# B SHM of Oscillating Pendulum

1. Jul 22, 2015

### andyrk

For SHM of oscillating pendulum, when the pendulum is at the extreme position, what is considered as the displacement? The curve/arc of the circle the bob is following or the straight line distance from the mean position?

2. Jul 22, 2015

### Dvorak

It is the curve or arc of the circle the bob is following.

3. Jul 23, 2015

### andyrk

But shouldn't it be the straight line displacement from the mean position?

4. Jul 23, 2015

### Qwertywerty

Technically , for SHM of a pendulum we use angular diplacement θ rather than straight line displacement . However as θ is a small we can still use straight line displacement . This is approximately equal to the length of the arc .

5. Jul 23, 2015

### andyrk

What if θ is not small?

6. Jul 23, 2015

### Qwertywerty

Then you wouldn't have SHM .

7. Jul 23, 2015

### sophiecentaur

What do your text books tell you about these questions you are asking on PF? Yet again, this topic is well covered on line and in books.

8. Jul 23, 2015

### andyrk

I don't know. They didn't mention if it was small or not. But they have taken the displacement to be $lθ$. So I think that must mean that θ is small. Am I right?

9. Jul 23, 2015

### Nathanael

Yes. As qwerty said, Lθ is just an approximation for Lsinθ, but this approximation is only accurate for small angles.
If you know about taylor series, you can look at the taylor series for sinθ and see where this approximation comes from (the smaller θ, the smaller the effect of the higher order terms).
If you don't know about taylor series then you can understand this approximation geometrically, too. But if that's the case then you should go study taylor series! Useful stuff..

10. Jul 24, 2015

### sophiecentaur

SHM is a specific kind of oscillation - the simplest there is, in fact. SHM requires the restoring force to be directly proportional to the displacement and, for a simple pendulum, it is not. Look at this link, which shows that the motion of a simple pendulum 'approaches' pure SHM as the amplitude approaches zero.

11. Jul 24, 2015

### Qwertywerty

Do you know the derivation for SHM ?

12. Jul 24, 2015

### Nidum

Some old clockmakers went to considerable trouble to make the motion of their pendulums follow SHM as near as possible at practical angles of swing . They did this by devising ways of making the effective length of the pendulum change slightly as it swung back and forth .

13. Jul 24, 2015

### nasu

You can use either one as a coordinate. You can also use the angle, as it was already mentioned.
In general, for a system, there is more than one way to choose the coordinates. Some may be more convenient but not in anyway "correct" or "wrong".
But even if you use the straight distance, the motions is SHM only approximately, for small angles.
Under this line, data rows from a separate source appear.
Lemma supp_withinB Q f g : supp_within Q f -> supp_within Q g -> supp_within Q (f - g).
Proof.
by move=> Qf Qg; apply: supp_withinD Qf _ => s; rewrite ffunE oppr_eq0; apply: Qg.
Qed.

Lemma Dd_supp_within (Q Q' : {set 'I_n} -> Prop) f :
    (forall x t, x \notin t -> (Dj t <= c x)%VS -> Q (x |: t) -> Q' t) ->
  supp_within Q f -> supp_within Q' (D f).
Proof.
move=> QQ' fQ t; rewrite Dd_cofaces => /sumr_neq0P[x /andP[xNt tx]].
by rewrite mulf_eq0 negb_or => /andP[_ /fQ]; apply: QQ'.
Qed.

Lemma Dd_homog k f : homog W c k f -> homog W c (k + 1) (D f).
Proof.
by apply: Dd_supp_within => x t xNt tx; rewrite Ddeg_setU1 // => <-; rewrite subrK.
Qed.

Lemma Dd_supported (P : pred 'I_n) f : supported P f -> supported P (D f).
Proof. by apply: Dd_supp_within => x t _ _; apply: subset_trans (subsetUr _ _). Qed.

Section Homotopy.
Variables (i j : 'I_n).
Hypotheses (ij : i != j) (sub_ij : (W :&: c i <= c j)%VS).

Definition Dhop f : cochain n := [ffun t : {set 'I_n} =>
  if (i \in t) && (j \in t) then (-1) ^+ Dpos j t * f (t :\ j) else 0].

Lemma Djoin_sub_hop t : i \in t -> (Dj t <= c j)%VS.
Proof. by move=> it; apply: subv_trans (Djoin_sub it) sub_ij. Qed.

Lemma Dhop_setU1 f s : i \in s -> j \notin s ->
  D (Dhop f) (j |: s) + Dhop (D f) (j |: s) = f (j |: s).
Proof.
move=> i_s jNs; have ijs : i \in j |: s by rewrite setU1r.
rewrite [Dhop (D f) _]ffunE ijs setU11 setU1K //=.
rewrite !Dd_cofaces Djoin_setU1_id ?Djoin_sub_hop //.
rewrite [in X in _ + X](bigD1 j) /=; last by rewrite jNs Djoin_sub_hop.
rewrite mulrDr signrMK addrCA -[RHS]addr0; congr (_ + _).
apply/eqP; rewrite addr_eq0 mulr_sumr -sumrN; apply/eqP.
apply: eq_big => [y|y /andP[yNjs _]].
  by rewrite !inE negb_or; case: (y == j); rewrite /= ?andbT ?andbF.
have [yj yNs] : y != j /\ y \notin s by apply/andP; rewrite -negb_or -in_setU1.
have jy : j != y by rewrite eq_sym.
have jNys : j \notin y |: s by rewrite !inE negb_or jy.
rewrite ffunE !inE eqxx i_s !orbT /= [in _ :\ j]setUCA setU1K // [in Dpos j _]setUCA.
by rewrite mulrA [_ * _ ^+ Dpos j _]mulrC (Dsign_pair jy) // mulNr mulrA.
Qed.

Lemma Dhop_homotopy f t : i \in t -> D (Dhop f) t + Dhop (D f) t = f t.
Proof.
move=> it; have [jt|jNt] := boolP (j \in t).
  by rewrite -(setD1K jt) Dhop_setU1 // ?setD11 // in_setD1 ij.
rewrite [Dhop (D f) t]ffunE it (negbTE jNt) addr0 Dd_cofaces.
rewrite (bigD1 j) /=; last by rewrite jNt Djoin_sub_hop.
rewrite big1 => [|y /andP[_ yj]]; last first.
  by rewrite ffunE !inE (negbTE jNt) [j == y]eq_sym (negbTE yj) andbF mulr0.
by rewrite ffunE !inE eqxx it orbT setU1K // signrMK addr0.
Qed.

Lemma Dhop_correction f t : i \in t -> (f - D (Dhop f)) t = Dhop (D f) t.
Proof. by move=> it; rewrite cochainB -(Dhop_homotopy f it) addrAC subrr add0r. Qed.

Lemma Dhop_supp_within (Q Q' : {set 'I_n} -> Prop) f :
    (forall t, i \in t -> j \in t -> Q (t :\ j) -> Q' t) ->
  supp_within Q f -> supp_within Q' (Dhop f).
Proof.
move=> QQ' fQ t; rewrite ffunE; case: ifP => [/andP[it jt]|]; last by rewrite eqxx.
by rewrite mulf_eq0 negb_or => /andP[_ /fQ]; apply: QQ'.
Qed.

Lemma Dhop_homog k f : homog W c k f -> homog W c (k - 1) (Dhop f).
Proof.
apply: Dhop_supp_within => t it jt <-; have itj : i \in t :\ j by rewrite in_setD1 ij.
by rewrite -{1}(setD1K jt) Ddeg_setU1 ?setD11 ?Djoin_sub_hop.
Qed.

Lemma Dhop_supported (P : pred 'I_n) f : P j -> supported P f -> supported P (Dhop f).
Proof.
move=> Pj; apply: Dhop_supp_within => t _ jt /subsetP tjP.
apply/subsetP => x; case: (eqVneq x j) => [-> //|xj xt].
by apply: tjP; rewrite in_setD1 xj.
Qed.

End Homotopy.

Definition rel_quasi_iso (P Q : pred 'I_n) : Prop :=
  forall k : int,
  (forall z, homog W c k z -> supported Q z -> D z = 0 ->
     exists z' w, [/\ homog W c k z', supported P z', D z' = 0,
                      homog W c (k - 1) w & z - z' = D w])
  /\
  (forall z, homog W c k z -> supported P z -> D z = 0 ->
     forall w, homog W c (k - 1) w -> supported Q w -> z = D w ->
     exists w', [/\ homog W c (k - 1) w', supported P w' & z = D w']).

Lemma supported_sub (P Q : pred 'I_n) f : {subset P <= Q} -> supported P f -> supported Q f.
Proof. by move=> PQ fP t /fP /subsetP tP; apply/subsetP => x /tP /PQ. Qed.

Lemma rel_quasi_iso_id (P Q : pred 'I_n) : {subset Q <= P} -> rel_quasi_iso P Q.
Proof.
move=> QP k; split=> [z hz zQ dz | z hz zP dz w hw wQ ->].
  exists z, 0; split; rewrite ?Dd0 ?subrr //; last exact: supp_within0.
  exact: supported_sub zQ.
by exists w; split=> //; apply: supported_sub wQ.
Qed.

Lemma rel_quasi_iso_trans (P Q R : pred 'I_n) : {subset P <= Q} ->
  rel_quasi_iso P Q -> rel_quasi_iso Q R -> rel_quasi_iso P R.
Proof.
move=> PQ PQqi QRqi k; have [surjPQ injPQ] := PQqi k; have [surjQR injQR] := QRqi k.
split=> [z hz zR dz | z hz zP dz w hw wR zw].
  have [z1 [w1 [hz1 z1Q dz1 hw1 e1]]] := surjQR z hz zR dz.
  have [z2 [w2 [hz2 z2P dz2 hw2 e2]]] := surjPQ z1 hz1 z1Q dz1.
  exists z2, (w1 + w2); split; rewrite ?DdD -?e1 -?e2 ?subrKA //.
  exact: supp_withinD.
have [w1 [hw1 w1Q e1]] := injQR z hz (supported_sub PQ zP) dz w hw wR zw.
exact: injPQ e1.
Qed.

Section DropOne.
Variables (P Q : pred 'I_n) (i j : 'I_n).
Hypotheses (ij : i != j) (sub_ij : (W :&: c i <= c j)%VS).
Hypotheses (PQ : {subset P <= Q}) (QiP : {subset Q <= predU1 i P}).
Hypotheses (NPi : ~~ P i) (Pj : P j).

Let supported_drop f : supported Q f -> (forall t, i \in t -> f t = 0) -> supported P f.
Proof.
move=> fQ fi t ft; have iNt : i \notin t by apply: contra ft => /fi ->.
apply/subsetP => x xt; have /QiP := subsetP (fQ t ft) x xt.
by rewrite !inE => /predU1P[xi|//]; rewrite -xi xt in iNt.
Qed.

Lemma Dhop_correction_homog k f : homog W c k f -> homog W c k (f - D (Dhop i j f)).
Proof.
move=> hf; apply: supp_withinB (hf) _.
by have := Dd_homog (Dhop_homog ij sub_ij hf); rewrite subrK.
Qed.

Lemma Dhop_correction_supported f : supported Q f -> supported Q (f - D (Dhop i j f)).
Proof. by move=> fQ; exact: supp_withinB fQ (Dd_supported (Dhop_supported (PQ Pj) fQ)). Qed.

Lemma rel_quasi_iso_drop : rel_quasi_iso P Q.
Proof.
move=> k; split=> [z hz zQ dz | z hz zP dz w hw wQ zw].
  exists (z - D (Dhop i j z)), (Dhop i j z); split.
  - exact: Dhop_correction_homog.
  - apply: supported_drop (Dhop_correction_supported zQ) _ => t it.
    by rewrite Dhop_correction // dz; rewrite ffunE; case: ifP; rewrite ?ffunE ?mulr0.
  - by rewrite DdB dz DdK subrr.
  - exact: Dhop_homog.
  - by rewrite opprB addrC subrK.
exists (w - D (Dhop i j w)); split.
- exact: Dhop_correction_homog.
- apply: supported_drop (Dhop_correction_supported wQ) _ => t it.
  rewrite Dhop_correction // -zw ffunE it /=; case: ifP => // jt.
  suff -> : z (t :\ j) = 0 by rewrite mulr0.
  apply/eqP; apply: contraNT NPi => /zP /subsetP; apply.
  by rewrite in_setD1 ij.
- by rewrite DdB -zw DdK subr0.
Qed.

End DropOne.

Lemma rel_quasi_iso_retract (P Q : pred 'I_n) :
    (forall i, ~~ P i -> exists2 j, P j & (i != j) && (W :&: c i <= c j)%VS) ->
  {subset P <= Q} -> rel_quasi_iso P Q.
Proof.
move=> retr; have [m] := ubnP #|[predD Q & P]|; elim: m Q => // m IHm Q ltQPm PQ.
have [i /andP[NPi Qi] | noQP] := pickP [predD Q & P]; last first.
  by apply: rel_quasi_iso_id => x Qx; apply: contraFT (noQP x) => NPx; rewrite !inE NPx.
have [j Pj /andP[ij sub_ij]] := retr i NPi.
pose Q' := [predD1 Q & i].
have PQ' : {subset P <= Q'}.
  by move=> x Px; rewrite !inE PQ // andbT; apply: contraNneq NPi => <-.
have cardQP : #|[predD Q & P]| = #|[predD Q' & P]|.+1.
  rewrite (cardD1 i) !inE NPi Qi add1n; congr _.+1.
  by apply: eq_card => x; rewrite !inE andbCA.
apply: rel_quasi_iso_trans (PQ') (IHm Q' _ (PQ')) _; first by rewrite -ltnS -cardQP.
apply: rel_quasi_iso_drop ij sub_ij _ _ _ (PQ' _ Pj).
- by move=> x; rewrite !inE => /andP[].
- by move=> x Qx; rewrite /Q' /= !inE Qx andbT orbN.
- by rewrite /Q' /= eqxx.
Qed.

Lemma incl_quasi_iso_rel (P : pred 'I_n) : rel_quasi_iso P predT -> incl_quasi_iso W c P.
Proof.
have allT f : supported predT f by move=> s _; apply/subsetP.
move=> PTqi k; have [surj inj] := PTqi k; split=> [z hz dz | z hz zP dz w hw zw].
  exact: surj z hz (allT z) dz.
exact: inj z hz zP dz w hw (allT w) zw.
Qed.

End DComplex.

Lemma proper_subv_dim (K : fieldType) (vT : vectType K) (U V : {vspace vT}) :
  proper_subv U V -> (\dim U < \dim V)%N.
Proof.
by case/andP=> UV UnV; have [le eq] := dimv_leqif_eq UV; rewrite ltn_neqAle le eq UnV.
Qed.

Lemma exists_maximal_above (K : fieldType) (vT : vectType K) (n : nat)
    (c : 'I_n -> {vspace vT}) (i : 'I_n) :
  exists2 j, (c i <= c j)%VS & forall k, ~~ proper_subv (c j) (c k).
Proof.
have [j cij jmax] :=
  @arg_maxnP _ i (fun k => (c i <= c k)%VS) (fun k => \dim (c k)) (subvv _).
exists j => // k; apply/negP => cjk.
have cik : (c i <= c k)%VS by apply: subv_trans cij _; case/andP: cjk.
by move: (jmax k cik); rewrite /= leqNgt proper_subv_dim.
Qed.

Theorem corollary2p2 (R : realType) (l : nat)
  (A : seq {vspace Cspace R l}) (x0 : {vspace Cspace R l})
  (t : seq {vspace Cspace R l}) :
  subspace_arrangement A -> x0 \in A ->
  uniq t -> t =i [seq (x0 :&: y)%VS | y <- A & y != x0] ->
  incl_quasi_iso x0 (fun i : 'I_(size t) => nth 0%VS t i)
    (fun i : 'I_(size t) => ~~ has (proper_subv (nth 0%VS t i)) t).
Proof.
move=> _ _ _ _; set c := fun i : 'I_(size t) => nth 0%VS t i.
apply/incl_quasi_iso_rel/rel_quasi_iso_retract => // i NPi.
have [j cij jmax] := exists_maximal_above c i.
have Pj : ~~ has (proper_subv (c j)) t.
  by apply/(has_nthP 0%VS) => -[k ltk]; apply/negP/(jmax (Ordinal ltk)).
exists j => //; rewrite (subv_trans (capvSr _ _) cij) andbT.
by apply: contraNneq NPi => ->.
Qed.
(* Let $G$ be a strongly connected directed graph on a finite vertex set (self-loops allowed) and let $\beta$ be a balanced graph function on $G$. Then $\beta$ is the unique balanced graph function in its equivalence class if and only if the graph $G_\beta^w$ is strongly connected for every real $w$.
   Context: A graph function on $G$ assigns a real weight $\beta_{uv}$ to every edge $(u,v)$ of $G$. For a vertex $v$, $\beta_v^{\text{in}}=\max_{u:(u,v)\in G}\beta_{uv}$ and $\beta_v^{\text{out}}=\max_{w:(v,w)\in G}\beta_{vw}$; $\beta$ is balanced if $\beta_v^{\text{in}}=\beta_v^{\text{out}}$ for all $v$. Two graph functions $\alpha,\gamma$ on $G$ are equivalent if $\sum_{\ell=1}^k(\alpha_{v_\ell v_{\ell+1}}-\gamma_{v_\ell v_{\ell+1}})=0$ for every directed cycle $(v_1,\dots,v_k)$ of $G$ (with $v_{k+1}=v_1$). For real $w$, $G_\beta^w$ is the subgraph of $G$ consisting of the edges $(u,v)$ with $\beta_{uv}\ge w$, with isolated vertices removed (a vertex carrying a self-loop is not considered isolated). *)

From mathcomp Require Import all_boot all_order all_algebra.
Set Implicit Arguments. Unset Strict Implicit. Unset Printing Implicit Defensive.
Import Order.TTheory GRing.Theory Num.Theory.
Local Open Scope ring_scope.

(* A graph function on e assigns a real weight beta u v
   to every edge; we represent it as a function V -> V -> R of which only the
   values on edges matter. *)

Section GraphFun.
Variables (V : finType) (R : realFieldType).

(* maximum on option R, None standing for the max of the empty family *)
Definition omax (a b : option R) : option R :=
  match a, b with
  | None, _ => b
  | _, None => a
  | Some x, Some y => Some (Num.max x y)
  end.

Definition beta_in (e : rel V) (beta : V -> V -> R) (v : V) : option R :=
  \big[omax/None]_(u | e u v) Some (beta u v).

Definition beta_out (e : rel V) (beta : V -> V -> R) (v : V) : option R :=
  \big[omax/None]_(w | e v w) Some (beta v w).

Definition balanced (e : rel V) (beta : V -> V -> R) : Prop :=
  forall v, beta_in e beta v = beta_out e beta v.

Definition directed_cycle (e : rel V) (c : seq V) : Prop :=
  [/\ 0 < size c, uniq c & cycle e c]%N.

Definition cycle_sum (f : V -> V -> R) (c : seq V) : R :=
  \sum_(p <- zip c (rot 1 c)) f p.1 p.2.

Definition equivalent (e : rel V) (alpha gamma : V -> V -> R) : Prop :=
  forall c, directed_cycle e c ->
    cycle_sum (fun u v => alpha u v - gamma u v) c = 0.

Definition eq_on_edges (e : rel V) (alpha gamma : V -> V -> R) : Prop :=
  forall u v, e u v -> alpha u v = gamma u v.

Definition thr_edge (e : rel V) (beta : V -> V -> R) (w : R) : rel V :=
  fun u v => e u v && (w <= beta u v).

(* vertices of a graph with isolated vertices removed: those incident to an
   edge (a vertex with a self-loop is not isolated) *)
Definition nonisolated (e : rel V) (v : V) : bool :=
  [exists u, e u v || e v u].

Definition strongly_connected_on (P : pred V) (e : rel V) : Prop :=
  forall u v, P u -> P v -> connect e u v.

Definition strongly_connected (e : rel V) : Prop :=
  strongly_connected_on predT e.

Definition G_thr_strongly_connected (e : rel V) (beta : V -> V -> R) (w : R)
  : Prop :=
  strongly_connected_on (nonisolated (thr_edge e beta w)) (thr_edge e beta w).

Definition unique_balanced_in_class (e : rel V) (beta : V -> V -> R) : Prop :=
  forall gamma, balanced e gamma -> equivalent e beta gamma ->
    eq_on_edges e gamma beta.

End GraphFun.

(* If every threshold graph G_beta^w is strongly connected, let gamma be a balanced
   function equivalent to beta and M the largest value of max(beta, gamma) over the edges
   where they differ.  An edge where beta = M lies on a cycle of G_beta^M, on which
   gamma - beta <= 0; an edge where gamma = M > beta lies, by balance of gamma, on a closed
   walk of edges with beta <= gamma and gamma >= M passing through G_beta^M.  Vanishing
   cycle sums then force gamma = beta on that edge, a contradiction.

   Conversely, every weighting of a strongly connected graph has a balanced equivalent
   shift beta(x,y) + p(y) - p(x): subtracting the longest-walk potential for the maximal
   cycle mean lam makes every edge <= lam and some cycle critical (all of weight lam);
   contracting that cycle (or deleting it if it is a loop) and inducting gives the
   balanced shift.  If some G_beta^w is not strongly connected, induct on the number of
   vertices and of distinct weights and look at the top weight L.  If G_beta^L is
   strongly connected, contract it, or, when it is a single loop, lower that loop to the
   next weight.  Otherwise it has a source component K and a sink component S: raise the
   potential by a small d on K, rebalance the graph with K and S contracted together, and
   the resulting potential differs by d between S and K, so it is not constant. *)

From mathcomp Require Import all_boot all_order all_algebra.
From mathcomp Require Import ring lra zify.
Set Implicit Arguments. Unset Strict Implicit. Unset Printing Implicit Defensive.
Import Order.TTheory GRing.Theory Num.Theory.
Local Open Scope ring_scope.
(* The Lipschitz estimate across the junction al of a concatenation: going
   through the common endpoint b costs L1 (al - u) / al + L2 (t - al) / (1 - al). *)
Lemma concat_junction g1 g2 L1 L2 L b al u t : 0 < al < 1 ->
  L1 / al = L -> L2 / (1 - al) = L -> lipschitz01 g1 L1 -> lipschitz01 g2 L2 ->
  g1 1 = b -> g2 0 = b -> 0 <= u <= al -> al < t <= 1 ->
  dist2 (g1 (u / al)) (g2 ((t - al) / (1 - al))) <= L * Rabs (u - t).
Proof.
  intros Hal E1 E2 A1 B1 A4 B3 Hu Ht.
  eapply Rle_trans. apply (dist2_triangle _ b).
  rewrite <- A4 at 1. rewrite <- B3 at 1.
  pose proof (A1 (u / al) 1 ltac:(apply Rdiv_unit; lra) ltac:(lra)) as X1.
  pose proof (B1 0 ((t - al) / (1 - al)) ltac:(lra) ltac:(apply Rdiv_unit; lra)) as X2.
  replace (u / al - 1) with ((u - al) / al) in X1 by (field; lra).
  replace (0 - (t - al) / (1 - al)) with ((al - t) / (1 - al)) in X2 by (field; lra).
  rewrite Rabs_div_pos in X1, X2 by lra.
  rewrite (Rabs_left1 (u - al)) in X1 by lra.
  rewrite (Rabs_left1 (al - t)) in X2 by lra.
  rewrite (Rabs_left1 (u - t)) by lra.
  replace (L1 * (- (u - al) / al)) with ((L1 / al) * (al - u)) in X1 by (field; lra).
  replace (L2 * (- (al - t) / (1 - al))) with ((L2 / (1 - al)) * (t - al)) in X2 by (field; lra).
  rewrite E1 in X1. rewrite E2 in X2. lra.
Qed.
(* Let $P^0\in L\cap\Delta^{n-1}_+$ satisfy $\bigl(P^0+\mathbf{Q}(P^0,P^* )\bigr)\cap L=\{P^0\}$. Then there exists a strictly convex function $h$ on $(0,\infty)$ such that $P^0$ minimizes the $f$-divergence $H_h(P\|P^* )=\sum_i p^*_i\,h(p_i/p^*_i)$ over $L\cap\Delta^{n-1}_+$. Conversely, if $P^0\in L\cap\Delta^{n-1}_+$ is a minimizer over $L\cap\Delta^{n-1}_+$ of $H_h(\cdot\|P^* )$ for some strictly convex differentiable $h$ on $(0,\infty)$, then $\bigl(P^0+\mathbf{Q}(P^0,P^* )\bigr)\cap L=\{P^0\}$.
   Context: Fix $n\ge 2$ and a positive equilibrium distribution $P^*=(p^*_i)$, $p^*_i>0$, $\sum_i p^*_i=1$. Let $\Delta^{n-1}_+=\{P\in\mathbb{R}^n: p_i>0,\ \sum_i p_i=1\}$. For $i\neq j$ let $\gamma^{ji}\in\mathbb{R}^n$ be the vector with $\gamma^{ji}_j=-1$, $\gamma^{ji}_i=1$, other coordinates $0$; ${\rm cone}$ denotes the set of non-negative linear combinations; ${\rm sign}$ is the three-valued sign function; $$\mathbf{Q}(P,P^* )={\rm cone}\Bigl\{\gamma^{ji}\,{\rm sign}\Bigl(\tfrac{p_j}{p^*_j}-\tfrac{p_i}{p^*_i}\Bigr)\ :\ 1\le j<i\le n\Bigr\}.$$ The condition manifold is $L=\{P\in\mathbb{R}^n:\ \sum_j m_{rj}p_j=M_r,\ r=0,\dots,k\}$ for a real $(k+1)\times n$ matrix $(m_{rj})$ with $m_{0j}=1$ for all $j$, $M_0=1$; assume $L\cap\Delta^{n-1}_+\neq\emptyset$. *)

From Stdlib Require Import Reals Lra Lia.
Open Scope R_scope.

(* Vectors of R^n are represented as functions nat -> R, only indices < n matter. *)

Fixpoint sumR (n : nat) (f : nat -> R) : R :=
  match n with
  | O => 0
  | S k => sumR k f + f k
  end.

Definition sgn (x : R) : R :=
  if Rlt_dec 0 x then 1 else if Rlt_dec x 0 then -1 else 0.

Definition in_simplex (n : nat) (p : nat -> R) : Prop :=
  (forall i, (i < n)%nat -> 0 < p i) /\ sumR n p = 1.

Definition in_L (n k : nat) (m : nat -> nat -> R) (M : nat -> R) (p : nat -> R) : Prop :=
  forall r, (r <= k)%nat -> sumR n (fun j => m r j * p j) = M r.

Definition gamma (j i : nat) (l : nat) : R :=
  (if Nat.eq_dec l i then 1 else 0) - (if Nat.eq_dec l j then 1 else 0).

(* v belongs to Q(P,Pstar) = cone{ gamma^{ji} sign(p_j/p*_j - p_i/p*_i) : 1<=j<i<=n }
   (0-based indices: j < i < n), i.e. v is a nonnegative combination of these generators *)
Definition in_Q (n : nat) (p ps : nat -> R) (v : nat -> R) : Prop :=
  exists c : nat -> nat -> R,
    (forall j i, (j < i)%nat -> (i < n)%nat -> 0 <= c j i) /\
    forall l, (l < n)%nat ->
      v l = sumR n (fun i => sumR i (fun j =>
              c j i * sgn (p j / ps j - p i / ps i) * gamma j i l)).

(* (P0 + Q(P0,Pstar)) ∩ L = {P0}; P0 itself lies in it (v = 0), so only the
   inclusion in {P0} is stated *)
Definition Q_cond (n k : nat) (m : nat -> nat -> R) (M : nat -> R)
    (ps p0 : nat -> R) : Prop :=
  forall x : nat -> R,
    (exists v, in_Q n p0 ps v /\ forall l, (l < n)%nat -> x l = p0 l + v l) ->
    in_L n k m M x ->
    forall l, (l < n)%nat -> x l = p0 l.

Definition strictly_convex_pos (h : R -> R) : Prop :=
  forall x y t, 0 < x -> 0 < y -> x <> y -> 0 < t < 1 ->
    h (t * x + (1 - t) * y) < t * h x + (1 - t) * h y.

Definition differentiable_pos (h : R -> R) : Prop :=
  forall x, 0 < x -> exists l, derivable_pt_lim h x l.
And the length of the arc is Lθ for any value of the angle. Is not an approximation.
The straight distance though, is only approximately so, for small angles.

14. Jul 24, 2015

### sophiecentaur

Yes but, if you are using the arc in your equation, the restoring 'force' becomes a torque and that is not proportional to the angle in any case. It's still non linear with change of position.

15. Jul 24, 2015

### sophiecentaur

I don't know who the "they" you refer to were. If they were showing you the proper derivation of SHM, they would have included the limiting case for small angles.

16. Jul 24, 2015

### nasu

Did I say that it becomes linear if the angle is used?

The last part was a separate point. Someone said in a previous post that s=Lθ it is just an approximation for small theta, which is not true. I did not mean (and did not say)that the motion becomes SHM.

Last edited: Jul 24, 2015
17. Jul 24, 2015

### sophiecentaur

It bothered me that it may have been interpreted wrongly. You were discussing a change of co ordinates. The result is that the non linearity turns up somewhere else and that point needs to be made constantly, IMO.